The platforms have no columns except on the north ends, where the platforms were extended in 1970. These I-beam columns are cream colored. The ceiling in this area is lower.

Prior to the station's 1970 renovation, it was finished all in white and marble tile, and it had its own color scheme to allow regular passengers to identify the station based only on the color of the marble trimmings. Since that renovation, the station walls have consisted of white cinderblock tiles, except for small recesses in the walls, which contain blue-painted cinderblock tiles. The blue cinderblock field contains the station-name signs and white text pointing to the exits. During the 2017 renovation, the cinder block tiles installed in the 1970s were restored, and new black floor tiles and yellow platform treads were installed. The blue cinder block recessions installed in the 1970s were covered with small black mosaic tiles.

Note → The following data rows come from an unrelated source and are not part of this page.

Lemma succs_some_config q l a r : step q a = map some_trans (delta q a) ->
  succs (some_config (q, l, a, r)) = map some_config (succs (q, l, a, r)).
Proof.
move=> /= ->; rewrite -!map_comp; apply: eq_map => t.
exact: (apply_trans_some (q, l, a, r)).
Qed.

Lemma terminal_some_config q l a r : step q a = map some_trans (delta q a) ->
  terminal (some_config (q, l, a, r)) = terminal (q, l, a, r).
Proof. by move=> sim; rewrite /terminal succs_some_config // /nilp size_map. Qed.

Lemma terminal_None (c : config option_machine) : c.1.1.1 = None -> terminal c.
Proof. by case: c => [[[q l] a] r] /= ->. Qed.

Hypothesis step_simulates_or_stops : forall q a,
  step q a = map some_trans (delta q a) \/ all (fun t => t.1.1 == None) (step q a).

Lemma halts_within_stops n q l a r : all (fun t => t.1.1 == None) (step q a) ->
  halts_within n.+1 (some_config (q, l, a, r)).
Proof.
move=> stops; rewrite halts_withinS /= all_map; case: (terminal _) => //.
apply: sub_all stops => t /eqP t_stops.
by apply: halts_within_terminal; apply: terminal_None; rewrite apply_trans_state.
Qed.

Lemma halts_within_some_config n c :
  halts_within n c -> halts_within n.+1 (some_config c).
Proof.
elim: n c => [|n IH] [[[q l] a] r] halts;
  case: (step_simulates_or_stops q a) => [sim | /halts_within_stops //].
  by apply: halts_within_terminal; rewrite terminal_some_config // -halts_within0.
rewrite halts_withinS terminal_some_config //; case: ifP => // nterm.
move: halts; rewrite halts_withinS nterm => /allP halts.
by rewrite succs_some_config // all_map; apply/allP => c' /halts /IH.
Qed.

The 2017 artwork at this station consists of mosaics by Monika Bravo. They signify local landmarks such as the Brooklyn Army Terminal.

===Exits===
The station's only fare controls are near the center of each platform, at the platform level. Until the 2017 renovations, they had their original trim line, colored brown with "P" at regular intervals, a bank of turnstiles, and token booth. The Manhattan-bound side has two street stairs to the east sidewalk of Fourth Avenue, with one going to the southeastern corner of Prospect Avenue and Fourth Avenue, and the other going to the northeastern corner of 17th Street and Fourth Avenue. Meanwhile, the Bay Ridge-bound side has one to the northwestern corner of 17th Street and Fourth Avenue. There are no crossovers or crossunders to allow free transfer between directions.